Something so simple is causing me headaches............. :twisted:


----------



## redbug (Mar 26, 2008)

now you have me confused,,,
The plug that you are showing has wires hooked up to it under your deck 
they should run to the back of the boat where your battery compartment is. I would mount the charger in the battery compartment along with the 3 batteries then hook the red wire going to the front to bat "A"positive. the black wire to battery "B" negative then your jumper from batt"A neg to BATT "B"positive. This will give you 24volts at the plug up front. 


Wayne


----------



## Starfire01 (Mar 26, 2008)

i have a tendency to do that to people.


I went w/ a 4 battery system....i know over kill . The reason for this is that the boat was already wired for one battery to run the acc. the other for the outboard. Both of these batteries were under the deck at the stern. The boat did not come w/ a TM. 

I just bought 2 batteries at the bow for the new tm. The pic of the plug has the leads that go under the deck to the compartment at the bow for the new batteries.
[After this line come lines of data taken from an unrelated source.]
Lemma equioscillation_solution (R : realType) (mu1 L1 mu2 L2 : R) n
    (q : {poly R}) (x1 x2 : nat -> R) :
  feasible mu1 L1 mu2 L2 n q -> 0 < q.[0] ->
  0 < x1 0%N -> x1 n < x2 0%N ->
  (forall k, (k < n)%N -> x1 k < x1 k.+1 /\ x2 k < x2 k.+1) ->
  (forall k, (k <= n)%N -> Lambda mu1 L1 mu2 L2 (x1 k) /\ Lambda mu1 L1 mu2 L2 (x2 k)) ->
  (forall k, (k <= n)%N -> q.[x1 k] = (-1) ^+ k /\ q.[x2 k] = (-1) ^+ (n + k)) ->
  is_solution mu1 L1 mu2 L2 n q.
Proof.
move=> q_feas q0_gt0 x10_gt0 x1n_x20 x_incr x_in q_x; split=> // p [size_p p_le1].
rewrite leNgt; apply/negP => q0_p0.
have p0_gt0 : 0 < p.[0] by apply: lt_trans q0_p0.
pose t := q.[0] / p.[0].
have t_in : 0 <= t < 1.
  by rewrite divr_ge0 ?ltW //= ltr_pdivrMr // mul1r.
pose r := q - t *: p.
have horner_r x : r.[x] = q.[x] - t * p.[x] by rewrite hornerD hornerN hornerZ.
have r_x1 k : (k < n)%N -> r.[x1 k] * r.[x1 k.+1] < 0.
  move=> kn; have [kn' kn1] := (ltnW kn, kn).
  rewrite !horner_r (q_x k kn').1 (q_x k.+1 kn1).1.
  by apply: alternating_sub_scale; rewrite ?p_le1 //; [exact: (x_in k kn').1 | exact: (x_in k.+1 kn1).1].
have r_x2 k : (k < n)%N -> r.[x2 k] * r.[x2 k.+1] < 0.
  move=> kn; have [kn' kn1] := (ltnW kn, kn).
  rewrite !horner_r (q_x k kn').2 (q_x k.+1 kn1).2 addnS.
  by apply: alternating_sub_scale; rewrite ?p_le1 //; [exact: (x_in k kn').2 | exact: (x_in k.+1 kn1).2].
have [s1 [size_s1 uniq_s1 root_s1 in_s1]] :=
  sign_changes_roots (fun k kn => (x_incr k kn).1) r_x1.
have [s2 [size_s2 uniq_s2 root_s2 in_s2]] :=
  sign_changes_roots (fun k kn => (x_incr k kn).2) r_x2.
have x10_x1n : x1 0%N <= x1 n := incr_first_le_last (fun k kn => (x_incr k kn).1).
have r_neq0 : r != 0.
  apply/negP => /eqP r0; have := horner_r (x1 0%N); rewrite r0 horner0 (q_x 0%N isT).1.
  have := p_le1 _ (x_in 0%N isT).1; rewrite ler_norml => /andP[? ?].
  move: t_in => /andP[? ?]; nra.
have := max_poly_roots r_neq0 (rs := 0 :: s1 ++ s2).
have root_r0 : root r 0 by rewrite /root horner_r /t divfK ?subrr // gt_eqF.
rewrite /= all_cat root_r0 root_s1 root_s2.
rewrite mem_cat negb_or cat_uniq uniq_s1 uniq_s2 size_cat size_s1 size_s2 /= !andbT.
have notin_s1 z : z \in s1 -> x1 0%N < z < x1 n := allP in_s1 z.
have notin_s2 z : z \in s2 -> x2 0%N < z < x2 n := allP in_s2 z.
have -> : 0 \notin s1 by apply/negP => /notin_s1; lra.
have -> : 0 \notin s2 by apply/negP => /notin_s2; lra.
have -> /= : ~~ has (mem s1) s2.
  by apply/hasPn => z /notin_s2 ? ; apply/negP => /notin_s1; lra.
have size_r : (size r <= (n + n).+1)%N.
  apply: leq_trans (size_polyD _ _) _; rewrite size_polyN geq_max addnn -mul2n q_feas.1.
  exact: leq_trans (size_scale_leq _ _) size_p.
by move=> /(_ isT isT); rewrite ltnNge size_r.
Qed.

Lemma Lambda_bounds (R : realType) (mu1 L1 mu2 L2 x : R) :
  mu1 < L1 -> L1 < mu2 -> mu2 < L2 -> Lambda mu1 L1 mu2 L2 x -> mu1 <= x <= L2.
Proof. by move=> ? ? ? [/andP[? ?]|/andP[? ?]]; apply/andP; split; lra. Qed.

Lemma feasible_chebT_comp (R : realType) (mu1 L1 mu2 L2 : R) n (s : {poly R}) :
  size s = 3%N -> (forall x, Lambda mu1 L1 mu2 L2 x -> -1 <= s.[x] <= 1) ->
  feasible mu1 L1 mu2 L2 n (chebT R n \Po s).
Proof.
move=> size_s s_in; split=> [|x x_in]; last by rewrite horner_comp chebT_bound ?s_in.
apply: leq_trans (size_comp_poly_leq _ _) _.
by rewrite size_s ltnS mulnC leq_mul2l /= -subn1 leq_subLR add1n size_chebT.
Qed.

(** * Sufficiency of equal lengths *)

(* sigma(L1) = sigma(mu2) = -1 and sigma(mu1) = 1; sigma(L2) = 1 exactly when
   L1 - mu1 = L2 - mu2. *)
Definition cheb_sigma (R : fieldType) (mu1 L1 mu2 : R) : {poly R} :=
  (2 / ((L1 - mu1) * (mu2 - mu1))) *: (('X - L1%:P) * ('X - mu2%:P)) - 1.

Section EqualLengths.

Variables (R : realType) (mu1 L1 mu2 L2 : R).
Hypotheses (mu1_gt0 : 0 < mu1) (mu1_lt_L1 : mu1 < L1) (L1_lt_mu2 : L1 < mu2)
  (equal_lengths : L1 - mu1 = L2 - mu2).

Let D := (L1 - mu1) * (mu2 - mu1).
Let v := (L1 + mu2) / 2.
Let h := (mu2 - L1) / 2.
Let sigma := cheb_sigma mu1 L1 mu2.

Let D_gt0 : 0 < D. Proof. by rewrite mulr_gt0 // subr_gt0 // (lt_trans mu1_lt_L1). Qed.

Let horner_sigma (x : R) : sigma.[x] = 2 / D * ((x - v) ^+ 2 - h ^+ 2) - 1.
Proof.
rewrite /sigma /cheb_sigma hornerD hornerN hornerZ hornerM !hornerXsubC hornerC.
by rewrite /v /h /D; field; rewrite !subr_eq0 !gt_eqF // (lt_trans mu1_lt_L1).
Qed.

Lemma size_cheb_sigma : size sigma = 3%N.
Proof.
have W3 : size (('X - L1%:P) * ('X - mu2%:P)) = 3%N.
  by rewrite size_mul ?polyXsubC_eq0 // !size_XsubC.
have c_neq0 : 2 / D != 0 by rewrite mulf_neq0 ?invr_eq0 ?pnatr_eq0 ?gt_eqF.
by rewrite /sigma /cheb_sigma size_polyDl size_scale // W3 // size_polyN size_poly1.
Qed.

Lemma cheb_sigma_Lambda (x : R) : Lambda mu1 L1 mu2 L2 x -> -1 <= sigma.[x] <= 1.
Proof.
move=> x_in; rewrite horner_sigma.
have [X0 XD] : 0 <= (x - v) ^+ 2 - h ^+ 2 /\ (x - v) ^+ 2 - h ^+ 2 <= D.
  have -> : (x - v) ^+ 2 - h ^+ 2 = (x - L1) * (x - mu2) by rewrite /v /h; field.
  case: x_in => /andP[x_ge x_le].
    rewrite -mulrNN !opprB; split; first by rewrite mulr_ge0 // subr_ge0 // ltW // (le_lt_trans x_le).
    by rewrite /D ler_pM ?subr_ge0 ?lerB // ltW // (le_lt_trans x_le).
  have -> : D = (L2 - L1) * (L2 - mu2).
    by rewrite /D mulrC; congr (_ * _); move: equal_lengths; lra.
  split; first by rewrite mulr_ge0 // subr_ge0 // ltW // (lt_le_trans L1_lt_mu2).
  by rewrite ler_pM ?subr_ge0 ?lerB // ltW // (lt_le_trans L1_lt_mu2).
have E : 2 / D * ((x - v) ^+ 2 - h ^+ 2) = 2 * (((x - v) ^+ 2 - h ^+ 2) / D).
  by field; rewrite gt_eqF.
have Q0 : 0 <= ((x - v) ^+ 2 - h ^+ 2) / D by rewrite divr_ge0 // ltW.
have Q1 : ((x - v) ^+ 2 - h ^+ 2) / D <= 1 by rewrite ler_pdivrMr // mul1r.
by rewrite E; apply/andP; split; lra.
Qed.

Let sigma0_gt1 : 1 < sigma.[0].
Proof.
rewrite horner_sigma.
have -> : (0 - v) ^+ 2 - h ^+ 2 = L1 * mu2 by rewrite /v /h; field.
have : 1 < L1 * mu2 / D.
  by rewrite ltr_pdivlMr // mul1r /D; move: mu1_gt0 mu1_lt_L1 L1_lt_mu2; nra.
rewrite mulrAC -mulrA; move: (L1 * mu2 / D) => r; lra.
Qed.

Let branch (y : R) : R := Num.sqrt (h ^+ 2 + (y + 1) * D / 2).

Let branch_sqr (y : R) : -1 <= y -> branch y ^+ 2 = h ^+ 2 + (y + 1) * D / 2.
Proof.
move=> y_ge; rewrite sqr_sqrtr // addr_ge0 ?sqr_ge0 // divr_ge0 // mulr_ge0 ?(ltW D_gt0) //.
lra.
Qed.

Let sigma_branch (y : R) : -1 <= y -> sigma.[v - branch y] = y /\ sigma.[v + branch y] = y.
Proof.
move=> y_ge; rewrite !horner_sigma.
have -> : (v - branch y - v) ^+ 2 = branch y ^+ 2 by rewrite addrAC subrr add0r sqrrN.
rewrite addrAC subrr add0r branch_sqr //.
by split; field; rewrite gt_eqF.
Qed.

Let branch_lt (y y' : R) : -1 <= y -> y < y' -> branch y < branch y'.
Proof.
move=> y_ge yy'; have pos : 0 < (y' + 1) * D / 2.
  by rewrite divr_gt0 // mulr_gt0 //; lra.
rewrite ltr_sqrt; last by have := sqr_ge0 h; lra.
by rewrite ltrD2l ltr_pM2r ?invr_gt0 // ltr_pM2r // ltrD2r.
Qed.

Let branch_in (y : R) : -1 <= y <= 1 -> h <= branch y <= v - mu1.
Proof.
move=> /andP[y_ge y_le].
have h_ge0 : 0 <= h by rewrite /h; move: L1_lt_mu2; lra.
have v_ge : 0 <= v - mu1 by rewrite /v; move: mu1_lt_L1 L1_lt_mu2; lra.
have sqr_le a b : 0 <= a -> 0 <= b -> a ^+ 2 <= b ^+ 2 -> a <= b.
  by move=> a_ge0 b_ge0; rewrite ler_sqr ?nnegrE.
have y1_ge0 : 0 <= y + 1 by rewrite -lerBlDr sub0r.
have y1_le : (y + 1) * D / 2 <= D by rewrite ler_pdivrMr // mulrC ler_pM2l //; lra.
have y1D_ge0 : 0 <= (y + 1) * D / 2 by rewrite divr_ge0 // mulr_ge0 // ltW.
apply/andP; split; apply: sqr_le => //; rewrite ?sqrtr_ge0 // branch_sqr //.
  by rewrite lerDl.
have -> : (v - mu1) ^+ 2 = h ^+ 2 + D by rewrite /v /h /D; field.
by rewrite lerD2l.
Qed.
I do beleive there is enough room for all 4 batteries at the stern, under the deck, however I was worried about all the weight on that side and it would be tight for wiring. 

Does this make sense or am I making you crazy?


----------



## Starfire01 (Mar 26, 2008)

this is what i was thinking.............. 


Cable Extenders


----------



## redbug (Mar 26, 2008)

already crazy.. i read esquired's posts and they make sense..
these are just my thoughts.. I would go with 3 batteries unless your trolling motor is a 36 volt motor. Your outboard has an alternator. that will charge your starting/acc. battery during the day. that will save you about 60lbs and give you the room you need. keeping the batteries in one area make the maintenance a lot easier IMO...


----------



## Starfire01 (Mar 30, 2008)

finally got everything I needed and I hooked up the on board charger. I have a 24 v TM. Will I need to disconnect the jumper that runs from the pos to the 1st tm battery to the neg of the 2nd tm battery before I charge the batteries?


----------